╭─ EXERCISE MATERIAL
(* Let $k\ge2$ and let $(L,b,f)$ be an even $\Phi_{2^k}$-lattice such that the isometry $D_f$ of $D_L$ has order at most $2^{k-2}$. Then $\delta_L=0$.
   Context: A $\Phi_{n}$-lattice is a $\mathbb{Z}$-lattice $(L,b)$ with an isometry $f$ with $\Phi_n(f)=0$ ($\Phi_n$ the $n$-th cyclotomic polynomial). $D_L=L^\vee/L$ and $D_f$ is the induced isometry. Under these hypotheses $L$ is $2$-elementary, and for a $2$-elementary integral lattice, $\delta_L=0$ if $n(L^\vee)\subseteq\mathbb{Z}$ (i.e. $b(x,x)\in\mathbb{Z}$ for all $x\in L^\vee$) and $\delta_L=1$ otherwise. *)

From Stdlib Require Import ClassicalEpsilon.
From mathcomp Require Import all_boot all_order all_algebra all_field.
Set Implicit Arguments. Unset Strict Implicit. Unset Printing Implicit Defensive.
Import Order.TTheory GRing.Theory Num.Theory.
Local Open Scope ring_scope.

(* A Z-lattice of rank r is modelled as Z^r (column vectors) with the
   bilinear form b(x,y) = x^T G y given by an integer Gram matrix G.
   The form extends to Q^r = L (x) Q via the same matrix over rat. *)

Definition ratmx (m n : nat) (A : 'M[int]_(m, n)) : 'M[rat]_(m, n) :=
  map_mx (fun z : int => z%:~R) A.

Definition intvec (m n : nat) (A : 'M[rat]_(m, n)) : Prop :=
  forall i j, A i j \is a Num.int.

Definition is_lattice (r : nat) (G : 'M[int]_r) : Prop :=
  G^T = G /\ \det G != 0.

Definition even_lattice (r : nat) (G : 'M[int]_r) : Prop :=
  forall x : 'cV[int]_r, (2%:Z %| (x^T *m G *m x) ord0 ord0)%Z.

Definition is_isometry (r : nat) (G F : 'M[int]_r) : Prop :=
  F^T *m G *m F = G.

Definition mxpeval (r : nat) (p : {poly int}) (F : 'M[int]_r) : 'M[int]_r :=
  \sum_(i < size p) p`_i *: F ^+ i.

Definition in_dual (r : nat) (G : 'M[int]_r) (x : 'cV[rat]_r) : Prop :=
  forall y : 'cV[int]_r, intvec (x^T *m ratmx G *m ratmx y).

(* D_f^m = id on D_L = L^v / L *)
Definition Df_pow_id (r : nat) (G F : 'M[int]_r) (m : nat) : Prop :=
  forall x : 'cV[rat]_r, in_dual G x -> intvec ((ratmx F) ^+ m *m x - x).

Definition Df_order_le (r : nat) (G F : 'M[int]_r) (N : nat) : Prop :=
  exists m : nat, [/\ (0 < m)%N, (m <= N)%N & Df_pow_id G F m].

Definition delta (r : nat) (G : 'M[int]_r) : nat :=
  if excluded_middle_informative
       (forall x : 'cV[rat]_r, in_dual G x -> intvec (x^T *m ratmx G *m x))
  then 0%N else 1%N.

From Stdlib Require Import ClassicalEpsilon.
From mathcomp Require Import all_boot all_order all_algebra all_field.
Set Implicit Arguments. Unset Strict Implicit. Unset Printing Implicit Defensive.
Import GRing.Theory Num.Theory.
Local Open Scope ring_scope.

(* Since Phi_(2^k) = X^(2^(k-1)) + 1, f^(2^(k-1)) = -1 and D_f^(2^k) = id; the
   order of D_f divides 2^k and is at most 2^(k-2), so g := f^(2^(k-2)) acts
   trivially on D_L while g^2 = -1.  For x in L^v, y := g x - x then lies in L,
   and g being an isometry with g^2 = -1 forces b(g x, x) + b(x, g x) = 0,
   whence b(y, y) = 2 b(x, x).  As L is even, b(x, x) is an integer. *)

Lemma ratmxM m n p (A : 'M[int]_(m, n)) (B : 'M[int]_(n, p)) :
  ratmx (A *m B) = ratmx A *m ratmx B.
Proof. by rewrite /ratmx map_mxM. Qed.

Lemma ratmxT m n (A : 'M[int]_(m, n)) : ratmx A^T = (ratmx A)^T.
Proof. by rewrite /ratmx map_trmx. Qed.

Lemma ratmx1 n : ratmx (1 : 'M[int]_n) = 1.
Proof. by rewrite /ratmx map_mx1. Qed.

Lemma ratmxN m n (A : 'M[int]_(m, n)) : ratmx (- A) = - ratmx A.
Proof. by rewrite /ratmx map_mxN. Qed.

Lemma ratmxX n (A : 'M[int]_n) e : ratmx (A ^+ e) = ratmx A ^+ e.
Proof.
elim: e => [|e IH]; first by rewrite !expr0 ratmx1.
by rewrite !exprS -!mulmxE ratmxM IH.
Qed.

Lemma intvecD m n (A B : 'M[rat]_(m, n)) : intvec A -> intvec B -> intvec (A + B).
Proof. by move=> hA hB i j; rewrite mxE rpredD. Qed.

Lemma intvecN m n (A : 'M[rat]_(m, n)) : intvec A -> intvec (- A).
Proof. by move=> hA i j; rewrite mxE rpredN. Qed.

Lemma intvecM m n p (A : 'M[rat]_(m, n)) (B : 'M[rat]_(n, p)) :
  intvec A -> intvec B -> intvec (A *m B).
Proof. by move=> hA hB i j; rewrite mxE rpred_sum // => l _; rewrite rpredM. Qed.

Lemma intvec_ratmx m n (A : 'M[int]_(m, n)) : intvec (ratmx A).
Proof. by move=> i j; rewrite mxE intr_int. Qed.

Lemma intvecP m n (A : 'M[rat]_(m, n)) : intvec A -> {B | A = ratmx B}.
Proof.
move=> hA; exists (\matrix_(i, j) Num.floor (A i j)).
by apply/matrixP => i j; rewrite !mxE floorK.
Qed.

Lemma divisors_2powS j :
  perm_eq (rem (2 ^ j.+1)%N (divisors (2 ^ j.+1))) (divisors (2 ^ j)).
Proof.
have pr2 : prime 2 by [].
apply: uniq_perm; rewrite ?rem_uniq ?divisors_uniq // => d.
rewrite mem_rem_uniq ?divisors_uniq // inE /= -!dvdn_divisors ?expn_gt0 //.
apply/andP/idP => [[ne /(dvdn_pfactor _ _ pr2) [i le_ij dE]] | dv_d].
  rewrite dE dvdn_exp2l // -ltnS ltn_neqAle le_ij andbT.
  by apply: contra ne => /eqP ij; rewrite dE ij.
split; last by rewrite expnS dvdn_mull.
by apply: contraTneq (dvdn_leq (expn_gt0 2 j) dv_d) => ->; rewrite leq_exp2l // ltnn.
Qed.

Lemma Cyclotomic_2powS j : 'Phi_(2 ^ j.+1) = 'X^(2 ^ j) + 1.
Proof.
have prodS := prod_Cyclotomic (expn_gt0 2 j.+1).
rewrite (big_rem (2 ^ j.+1)%N) ?divisors_id ?expn_gt0 //= in prodS.
rewrite (perm_big _ (divisors_2powS j)) /= (prod_Cyclotomic (expn_gt0 2 j)) in prodS.
have nz : ('X^(2 ^ j) - 1 : {poly int}) != 0.
  by rewrite -size_poly_eq0 size_XnsubC ?expn_gt0.
apply: (mulIf nz).
by rewrite prodS mulrC -subr_sqr -exprM -expnSr expr1n.
Qed.

Lemma mxpeval_XnaddC1 r (F : 'M[int]_r) n : (0 < n)%N ->
  mxpeval ('X^n + 1) F = F ^+ n + 1.
Proof.
case: n => // n _; rewrite /mxpeval size_XnaddC // big_ord_recr big_ord_recl /=.
rewrite big1 => [|i _]; last first.
  by rewrite coefD coefXn coefC /bump /= add1n eqSS ltn_eqF ?addr0 ?scale0r.
by rewrite !coefD !coefXn !coef1 /= eqxx add0r !addr0 !scale1r expr0 addrC.
Qed.

Lemma dvdn_pexp_leq p n j d : prime p ->
  (d %| p ^ n)%N -> (d <= p ^ j)%N -> (d %| p ^ j)%N.
Proof.
move=> pr_p /(dvdn_pfactor _ _ pr_p) [i _ ->].
by rewrite leq_exp2l ?prime_gt1 // => le_ij; rewrite dvdn_exp2l.
Qed.

Section DfPowers.

Variables (r : nat) (G F : 'M[int]_r).

Lemma Df_pow_id0 : Df_pow_id G F 0.
Proof. by move=> x _ i j; rewrite expr0 mul1mx subrr mxE rpred0. Qed.

Lemma Df_pow_idD a b :
  Df_pow_id G F a -> Df_pow_id G F b -> Df_pow_id G F (a + b).
Proof.
move=> Fa Fb x dx.
have -> : ratmx F ^+ (a + b) *m x - x
          = ratmx F ^+ a *m (ratmx F ^+ b *m x - x) + (ratmx F ^+ a *m x - x).
  by rewrite exprD -mulmxE mulmxBr mulmxA addrA subrK.
apply: intvecD _ (Fa _ dx); apply: intvecM _ (Fb _ dx).
by rewrite -ratmxX; apply: intvec_ratmx.
Qed.

(* No inverse of f is needed: f^(a-b) x - x = f^(a-b) (x - f^b x) + (f^a x - x). *)
Lemma Df_pow_idB a b : (b <= a)%N ->
  Df_pow_id G F a -> Df_pow_id G F b -> Df_pow_id G F (a - b).
Proof.
move=> le_ba Fa Fb x dx.
have -> : ratmx F ^+ (a - b) *m x - x
          = ratmx F ^+ (a - b) *m - (ratmx F ^+ b *m x - x) + (ratmx F ^+ a *m x - x).
  by rewrite opprB mulmxBr mulmxA mulmxE -exprD subnK // addrA subrK.
apply: intvecD _ (Fa _ dx); apply: intvecM; last exact: intvecN (Fb _ dx).
by rewrite -ratmxX; apply: intvec_ratmx.
Qed.

Lemma Df_pow_idMn c d : Df_pow_id G F d -> Df_pow_id G F (c * d).
Proof.
move=> Fd; elim: c => [|c IH]; first by rewrite mul0n; apply: Df_pow_id0.
by rewrite mulSn; apply: Df_pow_idD.
Qed.

Lemma Df_pow_id_gcd a b :
  Df_pow_id G F a -> Df_pow_id G F b -> Df_pow_id G F (gcdn a b).
Proof.
move=> Fa Fb; have [-> | a_gt0] := posnP a; first by rewrite gcd0n.
case: (egcdnP b a_gt0) => ka kb Bezout _.
have -> : gcdn a b = (ka * a - kb * b)%N by rewrite Bezout addKn.
by apply: Df_pow_idB; [rewrite Bezout leq_addr | apply: Df_pow_idMn ..].
Qed.

Lemma Df_pow_id_unity n : F ^+ n = 1 -> Df_pow_id G F n.
Proof. by move=> Fn x _; rewrite -ratmxX Fn ratmx1 mul1mx subrr => i j; rewrite mxE. Qed.

Lemma Df_pow_idX m n : Df_pow_id G F (m * n) -> Df_pow_id G (F ^+ m) n.
Proof. by move=> Fmn x dx; rewrite ratmxX -exprM; apply: Fmn. Qed.

End DfPowers.

Lemma is_isometryX r (G F : 'M[int]_r) n :
  is_isometry G F -> is_isometry G (F ^+ n).
Proof.
move=> isoF; elim: n => [|n IH]; first by rewrite /is_isometry expr0 trmx1 mul1mx mulmx1.
rewrite /is_isometry exprS -mulmxE trmx_mul !mulmxA.
by rewrite -(mulmxA _ F^T) -(mulmxA _ (F^T *m G)) isoF.
Qed.

(* The cross terms cancel: b(x, g x) = b(g x, g^2 x) = - b(g x, x). *)
Lemma isometry_sqrN1_norm_sub (R : comPzRingType) r (Q g : 'M[R]_r) (x : 'cV[R]_r) :
  g^T *m Q *m g = Q -> g ^+ 2 = -1 ->
  (g *m x - x)^T *m Q *m (g *m x - x) = (x^T *m Q *m x) *+ 2.
Proof.
move=> isog gg.
have cross : x^T *m Q *m (g *m x) = - ((g *m x)^T *m Q *m x).
  rewrite -{1}isog trmx_mul !mulmxA -(mulmxA _ g g) mulmxE -expr2 gg.
  by rewrite mulmxN mulmx1 mulNmx.
have square : (g *m x)^T *m Q *m (g *m x) = x^T *m Q *m x.
  by rewrite trmx_mul !mulmxA -[_ *m g^T *m Q]mulmxA -[_ *m (g^T *m Q) *m g]mulmxA isog.
rewrite !mulmxBr linearB /= !mulmxBl square cross.
by rewrite opprK opprB addrCA addrK mulr2n.
Qed.

Lemma even_lattice_norm_half_int r (G : 'M[int]_r) (y : 'cV[rat]_r) :
  even_lattice G -> intvec y ->
  ((y^T *m ratmx G *m y) ord0 ord0) / 2 \is a Num.int.
Proof.
move=> evG /intvecP [z ->]; have [c Ec] := dvdzP (evG z).
by rewrite -ratmxT -!ratmxM mxE Ec intrM mulfK ?intr_int ?pnatr_eq0.
Qed.

Lemma dual_norm_int r (G g : 'M[int]_r) :
  even_lattice G -> is_isometry G g -> g ^+ 2 = -1 -> Df_pow_id G g 1 ->
  forall x, in_dual G x -> intvec (x^T *m ratmx G *m x).
Proof.
move=> evG isog gg Dg x dx i j; rewrite !ord1.
have := even_lattice_norm_half_int evG (Dg x dx).
rewrite expr1 isometry_sqrN1_norm_sub; last by rewrite -ratmxX gg ratmxN ratmx1.
  by rewrite mxE mulrDl -splitr.
by rewrite -!ratmxT -!ratmxM isog.
Qed.

Theorem corollary3p11 (k : nat) (hk : (2 <= k)%N) (r : nat) (G F : 'M[int]_r) :
  is_lattice G -> even_lattice G -> is_isometry G F ->
  mxpeval ('Phi_(2 ^ k)) F = 0 ->
  Df_order_le G F (2 ^ (k - 2)) ->
  delta G = 0%N.
Proof.
case: k hk => [|[|k]] // _ _ evG isoF PhiF [m [m_gt0 le_m Dm]].
rewrite subn2 /= in le_m.
rewrite Cyclotomic_2powS mxpeval_XnaddC1 ?expn_gt0 // in PhiF.
have FN1 : F ^+ (2 ^ k.+1) = -1 by apply/eqP; rewrite -addr_eq0 PhiF.
have D2k2 : Df_pow_id G F (2 ^ k.+2).
  by apply: Df_pow_id_unity; rewrite expnS mulnC exprM FN1 sqrrN expr1n.
have D2k : Df_pow_id G F (2 ^ k).
  have dvd_g : (gcdn m (2 ^ k.+2) %| 2 ^ k)%N.
    apply: (dvdn_pexp_leq _ (dvdn_gcdr _ _)) => //.
    exact: leq_trans (dvdn_leq m_gt0 (dvdn_gcdl _ _)) le_m.
  have [c ->] := dvdnP dvd_g.
  exact/Df_pow_idMn/Df_pow_id_gcd.
rewrite /delta; case: excluded_middle_informative => // [[]].
apply: (dual_norm_int evG (is_isometryX (2 ^ k) isoF)) => //.
  by rewrite -exprM -expnSr FN1.
by apply: Df_pow_idX; rewrite muln1.
Qed.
╰─
Which lines above run from the one containing "Definition Df_pow_id (r" down to the one containing "Import GRing.Theory Num.Theory."? Repeat exactly those, both ends included, and nothing else.

## RESULT BELOW
Definition Df_pow_id (r : nat) (G F : 'M[int]_r) (m : nat) : Prop :=
  forall x : 'cV[rat]_r, in_dual G x -> intvec ((ratmx F) ^+ m *m x - x).

Definition Df_order_le (r : nat) (G F : 'M[int]_r) (N : nat) : Prop :=
  exists m : nat, [/\ (0 < m)%N, (m <= N)%N & Df_pow_id G F m].

Definition delta (r : nat) (G : 'M[int]_r) : nat :=
  if excluded_middle_informative
       (forall x : 'cV[rat]_r, in_dual G x -> intvec (x^T *m ratmx G *m x))
  then 0%N else 1%N.

From Stdlib Require Import ClassicalEpsilon.
From mathcomp Require Import all_boot all_order all_algebra all_field.
Set Implicit Arguments. Unset Strict Implicit. Unset Printing Implicit Defensive.
Import GRing.Theory Num.Theory.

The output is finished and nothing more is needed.